ASSIGNMENT:
The lines needed are those from the start of the records through the line holding "Proof. by move=>", each copied exactly.

◇ ◇ ◇ ◇ ◇ ◇ ◇

Lemma bounded_measurable_design_inv g a : is_design delta g ->
  bounded_measurable (fun w => (g a w)^-1).
Proof. by case=> mg [g_ge _]; exact: bounded_measurable_inv delta_gt0 _ _. Qed.

Lemma sum_designs_gbar n (gs : nat -> bool -> W -> R) a w : (0 < n)%N ->
  \sum_(i < n) gs i a w = n%:R * gbar n gs a w.
Proof. by move=> n_gt0; rewrite /gbar mulrA mulfV ?mul1r // pnatr_eq0 -lt0n. Qed.

Lemma is_design_gbar n (gs : nat -> bool -> W -> R) : (0 < n)%N ->
  (forall i, (i < n)%N -> is_design delta (gs i)) -> is_design delta (gbar n gs).
Proof.
move=> n_gt0 gsG; have n0 : n%:R != 0 :> R by rewrite pnatr_eq0 -lt0n.
split; [|split].
- move=> a; apply: measurable_funM; first exact: measurable_cst.
  by apply: measurable_sum => i; case: (gsG i (ltn_ord i)).
- move=> a w; rewrite -[delta](mulKf n0) /gbar ler_wpM2l ?invr_ge0 ?ler0n //.
  have -> : n%:R * delta = \sum_(i < n) delta by rewrite sumr_const card_ord mulr_natl.
  by apply: ler_sum => i _; case: (gsG i (ltn_ord i)) => _ [].
- move=> w; rewrite /gbar -mulrDr -big_split /=.
  rewrite (eq_bigr (fun=> 1)) ?sumr_const ?card_ord ?mulVf //.
  by move=> i _; case: (gsG i (ltn_ord i)) => _ [].
Qed.

End designs.

Section efficient_influence_curve.
Context {R : realType} {d : measure_display} {W : measurableType d}.
Implicit Types (Qb g : bool -> W -> R) (psiQ : R).

Lemma Dfun_design_mean Qb Q0b psiQ g w :
  g true w + g false w = 1 -> g true w != 0 -> g false w != 0 ->
  g true w * Dfun Qb psiQ g w true (Q0b true w)
  + g false w * Dfun Qb psiQ g w false (Q0b false w)
  = Q0b true w - Q0b false w - psiQ.
Proof.
move=> g1 gt0 gf0; rewrite /Dfun /D1 /D2 /sgnA.
have gf : g false w = 1 - g true w by lra.
by rewrite gf in gf0 *; field; rewrite gt0 gf0.
Qed.

Lemma sum_Dfun_psi_emp n (Wd : nat -> W) (Ad : nat -> bool) (Yd : nat -> R) Qb g :
  (0 < n)%N -> n%:R^-1 * \sum_(i < n) D1 Qb g (Wd i) (Ad i) (Yd i) = 0 ->
  \sum_(i < n) Dfun Qb (psi_emp n Wd Qb) g (Wd i) (Ad i) (Yd i) = 0.
Proof.
move=> n_gt0; have n0 : n%:R != 0 :> R by rewrite pnatr_eq0 -lt0n.
move=> /eqP; rewrite mulf_eq0 invr_eq0 (negbTE n0) /= => /eqP score.
rewrite /Dfun big_split /= score add0r /D2 sumrB sumr_const card_ord /psi_emp.
by rewrite -[X in _ - X]mulr_natl mulVKf // subrr.
Qed.

End efficient_influence_curve.

Section targeted_update.
Context {R : realType} {d : measure_display} {W : measurableType d}.

Lemma bounded_measurable_expit (f : W -> R) : measurable_fun setT f ->
  bounded_measurable (fun w => expit (f w)).
Proof.
move=> mf; apply: bounded_measurableM (bounded_measurable_cst 1) _.
apply: (@bounded_measurable_inv _ _ _ _ 1) => //.
  by move=> w; rewrite lerDl expR_ge0.
apply: measurable_funD; first exact: measurable_cst.
by apply: measurableT_comp => //; exact: measurable_funN.
Qed.

Lemma measurable_logit (f : W -> R) : (forall w, f w < 1) -> measurable_fun setT f ->
  measurable_fun setT (fun w => logit (f w)).
Proof.
move=> f_lt1 mf; rewrite /logit; apply: measurableT_comp => //.
apply: measurable_funM => //.
apply: (@measurable_fun_inv_pos _ _ _ (fun w => 1 - f w)).
  by move=> w; rewrite subr_gt0.
by apply: measurable_funB => //; exact: measurable_cst.
Qed.

Lemma bounded_measurable_Qbar_eps {delta} {Qn gb : bool -> W -> R} {eps a} :
  0 < delta -> is_design delta gb ->
  (forall a, measurable_fun setT (Qn a)) -> (forall a w, Qn a w < 1) ->
  bounded_measurable (Qbar_eps Qn gb eps a).
Proof.
move=> delta_gt0 gbG mQn Qn_lt1; apply: bounded_measurable_expit.
apply: measurable_funD; first exact: measurable_logit.
apply: measurable_funM; first exact: measurable_cst.
apply: measurable_funM; first exact: measurable_cst.
by case: (bounded_measurable_design_inv delta_gt0 gb a gbG).
Qed.

End targeted_update.

Section expected_influence_curve.
Context {R : realType} {d : measure_display} {W : measurableType d}.
Context {Q0W : probability W R} {Q0Y : bool -> W -> probability R R}.
Hypothesis Q0Y01 : forall a w, Q0Y a w [set y : R | 0 <= y <= 1] = 1%E.

Lemma Pexp_Dfun Qb psiQ (g g' : bool -> W -> R) :
  Pexp Q0W Q0Y g (Dfun Qb psiQ g') =
  Rintegral Q0W setT (fun w =>
      g true w * Dfun Qb psiQ g' w true (Qbar_of Q0Y true w)
    + g false w * Dfun Qb psiQ g' w false (Qbar_of Q0Y false w)).
Proof.
apply: eq_Rintegral => w _.
by rewrite !(Rintegral_affine_unit_supported _ (Q0Y01 _ w)).
Qed.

◇ ◇ ◇ ◇ ◇ ◇ ◇

RESPONSE AREA:
Lemma bounded_measurable_design_inv g a : is_design delta g ->
  bounded_measurable (fun w => (g a w)^-1).
Proof. by case=> mg [g_ge _]; exact: bounded_measurable_inv delta_gt0 _ _. Qed.

Lemma sum_designs_gbar n (gs : nat -> bool -> W -> R) a w : (0 < n)%N ->
  \sum_(i < n) gs i a w = n%:R * gbar n gs a w.
Proof. by move=> n_gt0; rewrite /gbar mulrA mulfV ?mul1r // pnatr_eq0 -lt0n. Qed.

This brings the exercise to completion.